(Saved entries)
Lemma card_nonzero x : #|[pred i | x i != 0%N]| = (m - nzeros x)%N.
Proof.
have -> : #|[pred i | x i != 0%N]| = #|~: [set i | x i == 0%N]|.
  by apply: eq_card => i; rewrite !inE.
by rewrite cardsCs finset.setCK card_ord.
Qed.

Definition vsub w y : vec m := [ffun i => (w i - y i)%N].
Definition vle y w : bool := [forall i, (y i <= w i)%N].
(* The coordinates that can have been filled last by the chain on its way
   from [y] to its entry point [w] into S. *)
Definition nlast y w : nat := (\sum_l ((y l == 0%N) && (w l == 1%N)))%N.

Lemma vsubE w y i : vsub w y i = (w i - y i)%N.
Proof. by rewrite ffunE. Qed.

Lemma vleP y w : reflect (forall i, (y i <= w i)%N) (vle y w).
Proof. exact: forallP. Qed.

Lemma vle_incr y w l : vle (incr y l) w = vle y w && (y l < w l)%N.
Proof.
apply/vleP/andP => [le_yw|[/vleP le_yw lt_yw] i].
  split; last by have := le_yw l; rewrite incrE eqxx addn1.
  by apply/vleP => i; apply: leq_trans (le_yw i); rewrite incrE leq_addr.
by rewrite incrE; case: eqP => [->|_]; rewrite ?addn1 ?addn0.
Qed.

Lemma vsub_incr w y l i : vsub w (incr y l) i = (vsub w y i - (i == l))%N.
Proof. by rewrite !vsubE incrE subnDA. Qed.

Lemma vnorm_vsub_incr w y l : (y l < w l)%N ->
  vnorm (vsub w y) = (vnorm (vsub w (incr y l))).+1.
Proof.
move=> lt_yw; rewrite /vnorm (bigD1 l) //= [in RHS](bigD1 l) //= vsub_incr eqxx.
rewrite -addSn vsubE subn1 prednK ?subn_gt0 //; congr addn.
by apply: eq_bigr => i /negbTE il; rewrite vsub_incr il subn0.
Qed.

Lemma prod_fact_vsub_incr w y l : (y l < w l)%N ->
  (\prod_i (vsub w (incr y l) i)`! * vsub w y l)%N = (\prod_i (vsub w y i)`!)%N.
Proof.
move=> lt_yw; rewrite (bigD1 l) //= [in RHS](bigD1 l) //= vsub_incr eqxx.
rewrite (eq_bigr (fun i => (vsub w y i)`!)); last first.
  by move=> i /negbTE il; rewrite vsub_incr il subn0.
have -> : vsub w y l = (vsub w y l).-1.+1 by rewrite prednK // vsubE subn_gt0.
by rewrite subn1 /= factS mulnC mulnA.
Qed.

Lemma nlast_incr y w l :
  (nlast (incr y l) w + ((y l == 0%N) && (w l == 1%N)))%N = nlast y w.
Proof.
rewrite /nlast (bigD1 l) //= [in RHS](bigD1 l) //= incrE eqxx addn1 add0n addnC.
by congr addn; apply: eq_bigr => i /negbTE il; rewrite incrE il addn0.
Qed.

Lemma nlast_single_zero y w l : (forall i, i != l -> 0 < y i)%N ->
  nlast y w = ((y l == 0%N) && (w l == 1%N)).
Proof.
move=> y_gt0; rewrite /nlast (bigD1 l) //= big1 ?addn0 // => i /y_gt0.
by case: (y i).
Qed.

Lemma vle_vnorm1 y w : vle y w -> vnorm (vsub w y) = 1%N -> exists l, w = incr y l.
Proof.
move=> /vleP le_yw; rewrite /vnorm.
case: (pickP (fun i => vsub w y i != 0%N)) => [l wl_neq0|w_eq]; last first.
  by rewrite big1 // => i _; apply/eqP/negbFE/w_eq.
rewrite (bigD1 l) //=; move: wl_neq0; case d_l: (vsub w y l) => [|[|a]] //= _ [].
move/eqP; rewrite sum_nat_eq0 => /forallP rest; exists l.
apply/ffunP => i; rewrite incrE; case: (eqVneq i l) => [->|il].
  by rewrite -(subnKC (le_yw l)) -vsubE d_l.
move: (rest i); rewrite il vsubE addn0 subn_eq0 /= => le_wy.
by apply/eqP; rewrite eqn_leq le_wy le_yw.
Qed.

End Vectors.

Section Chain.
Variables (R : realType) (n k : nat).
Hypothesis m_lt_k : (n.-1 < k)%N.
Local Notation m := n.-1.
Local Notation trans := (trans R n k).
Local Notation hit := (hit R n k).
Implicit Types (x y w : vec m) (l : 'I_m).

Lemma k_gt0 : (0 < k)%N.
Proof. exact: leq_ltn_trans m_lt_k. Qed.

Lemma natrk_neq0 : (k%:R : R) != 0.
Proof. by rewrite pnatr_eq0 -lt0n k_gt0. Qed.

(* At x = 0 this agrees with the rule 1/m of [trans]: (k - m + m)/(k m) = 1/m. *)
Definition pstep x l : R :=
  if x l == 0%N then (k - m + nzeros x)%:R / (k * nzeros x)%:R else k%:R^-1.

(* The probability that a step from a state with z zeros fills one of them. *)
Definition pfill z : R := (k - m + z)%:R / k%:R.

Lemma pstep_ge0 x l : 0 <= pstep x l.
Proof. by rewrite /pstep; case: ifP => _; rewrite ?divr_ge0 ?invr_ge0 ?ler0n. Qed.

Lemma trans_ge0 x y : 0 <= trans x y.
Proof.
rewrite /trans; case: ifP => _.
  by do 2?case: ifP => _; rewrite ?divr_ge0 ?invr_ge0 ?ler0n.
case: ifP => _; last by case: ifP => _; rewrite ?invr_ge0 ?ler0n.
by case: pickP => [l _|//]; case: ifP => _; rewrite ?divr_ge0 ?invr_ge0 ?ler0n.
Qed.

Lemma trans_incr x l : (0 < nzeros x)%N -> trans x (incr x l) = pstep x l.
Proof.
move=> x_gt0; rewrite /trans /pstep /= eqn0Ngt x_gt0 /=.
have x_le := nzeros_le x.
case: ltnP => x_lt.
  case: pickP => [l' /eqP /incr_inj <-|]; last by move/(_ l); rewrite eqxx.
  by have -> : (k - (m - nzeros x) = k - m + nzeros x)%N by lia.
have x_m : nzeros x = m by lia.
have -> : [exists l', incr x l == incr x l'] by apply/existsP; exists l.
rewrite (nzeros_eq_m l x_m) eqxx x_m subnK; last exact: ltnW.
have m_neq0 : (m%:R : R) != 0 by rewrite pnatr_eq0 -lt0n -x_m.
by rewrite natrM invfM mulrA mulfV ?mul1r // natrk_neq0.
Qed.

Lemma trans_other x w : (0 < nzeros x)%N -> (forall l, w != incr x l) ->
  trans x w = 0.
Proof.
move=> x_gt0 w_neq; rewrite /trans /= eqn0Ngt x_gt0 /=.
case: ifP => _.
  by case: pickP => [l wl|//]; have := w_neq l; rewrite wl.
by case: existsP => [[l wl]|//]; have := w_neq l; rewrite wl.
Qed.

Lemma trans_sum x w : (0 < nzeros x)%N ->
  trans x w = \sum_l (if w == incr x l then pstep x l else 0).
Proof.
move=> x_gt0; case: (pickP (fun l => w == incr x l)) => [l /eqP ->|w_neq].
  rewrite trans_incr // (bigD1 l) //= eqxx big1 ?addr0 // => l' /negbTE.
  by rewrite (inj_eq (@incr_inj _ x)) eq_sym => ->.
by rewrite trans_other ?big1 // => l; rewrite w_neq.
Qed.

Lemma big_succs x (P : pred (vec m)) (g : vec m -> R) : (0 < nzeros x)%N ->
  \sum_(z <- succs x | P z) trans x z * g z =
  \sum_l (if P (incr x l) then pstep x l * g (incr x l) else 0).
Proof.
move=> x_gt0; rewrite succsE big_cons.
rewrite trans_other // ?mul0r; last by move=> l; exact: decr_neq_incr.
rewrite ?add0r big_map big_enum_cond /= big_mkcond /= if_same.
by apply: eq_bigr => l _; rewrite trans_incr.
Qed.

Lemma sum_pstep_nzeros x (f : nat -> R) : (0 < nzeros x)%N ->
  \sum_l pstep x l * f (nzeros (incr x l)) =
  pfill (nzeros x) * f (nzeros x).-1 + (1 - pfill (nzeros x)) * f (nzeros x).
Proof.
move=> x_gt0; rewrite (bigID (fun l => x l == 0%N)) /=.
rewrite (eq_bigr (fun=>
    (k - m + nzeros x)%:R / (k * nzeros x)%:R * f (nzeros x).-1)); last first.
  by move=> l xl; rewrite /pstep xl nzeros_incr xl subn1.
rewrite [X in _ + X](eq_bigr (fun=> k%:R^-1 * f (nzeros x))); last first.
  by move=> l /negbTE xl; rewrite /pstep xl nzeros_incr xl subn0.
rewrite !sumr_const card_nonzero.
have -> : #|[pred i | x i == 0%N]| = nzeros x by rewrite /nzeros cardsE.
have x_le := nzeros_le x; rewrite /pfill.
move: (nzeros x) x_gt0 x_le => z z_gt0 z_le.
have z_neq0 : (z%:R : R) != 0 by rewrite pnatr_eq0 -lt0n.
rewrite -(mulr_natr _ z) -(mulr_natr _ (m - z)) natrM natrD !natrB; [|lia|lia].
by field; rewrite z_neq0 natrk_neq0.
Qed.

Lemma sum_pstep x : (0 < nzeros x)%N -> \sum_l pstep x l = 1.
Proof.
move=> x_gt0; rewrite -(eq_bigr _ (fun l _ => mulr1 (pstep x l))).
by rewrite (sum_pstep_nzeros (fun=> 1)) // !mulr1 addrC subrK.
Qed.

Lemma hitS N x w : (0 < nzeros x)%N ->
  hit N.+1 x w =
  \sum_l (if ~~ inS (incr x l) then pstep x l * hit N (incr x l) w else 0).
Proof. by move=> x_gt0; rewrite /= (big_succs (fun z => ~~ inS z)). Qed.

Lemma hit_ge0 N x w : 0 <= hit N x w.
Proof.
elim: N x => [|N IH] x /=; first by rewrite mulr_ge0 ?trans_ge0 ?ler0n.
by apply: sumr_ge0 => z _; rewrite mulr_ge0 ?trans_ge0.
Qed.

Definition kbin z : nat := 'C(k - m + z, z).

Lemma kbinS z : (z.+1 * kbin z.+1 = (k - m + z.+1) * kbin z)%N.
Proof. by rewrite /kbin -mul_bin_diag addnS. Qed.

Lemma pstep_kbin y l : (0 < nzeros (incr y l))%N ->
  pstep y l * (kbin (nzeros (incr y l)))%:R = (kbin (nzeros y))%:R / k%:R.
Proof.
rewrite nzeros_incr /pstep; case: eqP => _; last by rewrite subn0 mulrC.
case: (nzeros y) => [|z]; rewrite ?subn1 //= => _.
have /(congr1 (fun a => a%:R : R)) := kbinS z; rewrite !natrM => kbin_z.
by rewrite mulrAC -kbin_z; field; rewrite natrk_neq0 addrC natr1 pnatr_eq0.
Qed.

Definition hit_support N y w : bool :=
  [&& vle y w, inS w & vnorm (vsub w y) == N.+1].

Definition hit_weight N y w : R :=
  (kbin (nzeros y))%:R * k%:R^-1 ^+ N.+1 * (N`!%:R / (\prod_i (vsub w y i)`!)%:R).

Definition hit_formula N y w : R :=
  if hit_support N y w then hit_weight N y w * (nlast y w)%:R else 0.

Lemma prod_fact_neq0 y w : (\prod_i (vsub w y i)`!)%:R != 0 :> R.
Proof. by rewrite pnatr_eq0 -lt0n prodn_gt0 // => i; exact: fact_gt0. Qed.

Lemma hit_formula_step_term N y w l :
  (if ~~ inS (incr y l) then pstep y l * hit_formula N (incr y l) w else 0) =
  if hit_support N.+1 y w then
    hit_weight N y w / k%:R *
      ((vsub w y l)%:R * ((nlast y w)%:R - ((y l == 0%N) && (w l == 1%N))%:R))
  else 0.
Proof.
case: ifP => [yl_notS|/negbFE yl_S]; last first.
  have y_gt0 i : i != l -> (0 < y i)%N.
    by move=> il; move/forallP: yl_S => /(_ i); rewrite incrE (negbTE il) addn0.
  by rewrite (nlast_single_zero w y_gt0) subrr !mulr0 if_same.
have yl_gt0 : (0 < nzeros (incr y l))%N by rewrite lt0n -inSE.
have [lt_yw|le_wy] := ltnP (y l) (w l); last first.
  rewrite /hit_formula /hit_support vle_incr ltnNge le_wy andbF /= mulr0.
  case: ifP => // /and3P[/vleP le_yw _ _].
  have -> : vsub w y l = 0%N by rewrite vsubE; apply/eqP; rewrite subn_eq0.
  by rewrite mul0r mulr0.
rewrite /hit_formula /hit_support vle_incr lt_yw andbT (vnorm_vsub_incr lt_yw) eqSS.
case: ifP => _; last by rewrite mulr0.
have d_neq0 : (vsub w y l)%:R != 0 :> R by rewrite pnatr_eq0 vsubE subn_eq0 -ltnNge.
rewrite /hit_weight !(mulrA (pstep y l)) (pstep_kbin yl_gt0).
rewrite -(prod_fact_vsub_incr lt_yw) -(nlast_incr y w l) natrM natrD exprS.
by field; rewrite prod_fact_neq0 d_neq0 natrk_neq0.
Qed.

Lemma hit_formula_step N y w :
  \sum_l (if ~~ inS (incr y l) then pstep y l * hit_formula N (incr y l) w else 0) =
  hit_formula N.+1 y w.
Proof.
rewrite (eq_bigr _ (fun l _ => hit_formula_step_term N y w l)) /hit_formula.
case: ifP => [/and3P[_ _ /eqP norm_w]|_]; last by rewrite big1.
have sum_d : \sum_l ((vsub w y l)%:R : R) = N.+2%:R.
  by rewrite -natr_sum -/(vnorm _) norm_w.
have sum_d_last : \sum_l ((vsub w y l)%:R * ((y l == 0%N) && (w l == 1%N))%:R : R)
    = (nlast y w)%:R.
  rewrite /nlast natr_sum; apply: eq_bigr => l _.
  case: (y l =P 0%N) => [yl0|_]; last by rewrite mulr0.
  case: (w l =P 1%N) => [wl1|_]; last by rewrite mulr0.
  by rewrite vsubE yl0 wl1 mulr1.
under eq_bigr do rewrite mulrBr.
rewrite -mulr_sumr sumrB -mulr_suml sum_d sum_d_last /hit_weight factS natrM !exprS.
by field; rewrite prod_fact_neq0 natrk_neq0.
Qed.

Lemma hit_formula0_incr y l : (0 < nzeros y)%N ->
  hit_formula 0 y (incr y l) = pstep y l * (inS (incr y l))%:R.
Proof.
move=> y_gt0.
have vsub_yl i : vsub (incr y l) y i = (i == l) :> nat by rewrite vsubE incrE addKn.
have le_yl : vle y (incr y l) by apply/vleP => i; rewrite incrE leq_addr.
have norm_yl : vnorm (vsub (incr y l) y) = 1%N.
  rewrite /vnorm (bigD1 l) //= vsub_yl eqxx big1 // => i /negbTE il.
  by rewrite vsub_yl il.
have prod_yl : (\prod_i (vsub (incr y l) y i)`!)%N = 1%N.
  by rewrite big1 // => i _; rewrite vsub_yl; case: (i == l).
have nlast_yl : nlast y (incr y l) = (y l == 0%N) :> nat.
  rewrite /nlast (bigD1 l) //= incrE eqxx addn1 big1 ?addn0; first by case: (y l).
  by move=> i /negbTE il; rewrite incrE il addn0; case: (y i) => [|[]].
rewrite /hit_formula /hit_support /hit_weight le_yl norm_yl prod_yl nlast_yl eqxx andbT.
case: (boolP (inS (incr y l))) => yl_S; last by rewrite mulr0.
have [yl0 y_1] : y l = 0%N /\ nzeros y = 1%N.
  move: yl_S; rewrite inSE nzeros_incr.
  by case: (y l =P 0%N) => [-> /eqP|_ /eqP]; rewrite ?subn1 ?subn0; lia.
rewrite /pstep /kbin yl0 y_1 eqxx bin1 fact0 muln1 /=.
by field; rewrite natrk_neq0.
Qed.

Task item: Set down, from the entries above, exactly the lines from the one with "by field; rewrite z_neq0 natrk_neq0." up to and including the one with "Proof. by rewrite /kbin", and no other lines.

Problem solution:
by field; rewrite z_neq0 natrk_neq0.
Qed.

Lemma sum_pstep x : (0 < nzeros x)%N -> \sum_l pstep x l = 1.
Proof.
move=> x_gt0; rewrite -(eq_bigr _ (fun l _ => mulr1 (pstep x l))).
by rewrite (sum_pstep_nzeros (fun=> 1)) // !mulr1 addrC subrK.
Qed.

Lemma hitS N x w : (0 < nzeros x)%N ->
  hit N.+1 x w =
  \sum_l (if ~~ inS (incr x l) then pstep x l * hit N (incr x l) w else 0).
Proof. by move=> x_gt0; rewrite /= (big_succs (fun z => ~~ inS z)). Qed.

Lemma hit_ge0 N x w : 0 <= hit N x w.
Proof.
elim: N x => [|N IH] x /=; first by rewrite mulr_ge0 ?trans_ge0 ?ler0n.
by apply: sumr_ge0 => z _; rewrite mulr_ge0 ?trans_ge0.
Qed.

Definition kbin z : nat := 'C(k - m + z, z).

Lemma kbinS z : (z.+1 * kbin z.+1 = (k - m + z.+1) * kbin z)%N.
Proof. by rewrite /kbin -mul_bin_diag addnS. Qed.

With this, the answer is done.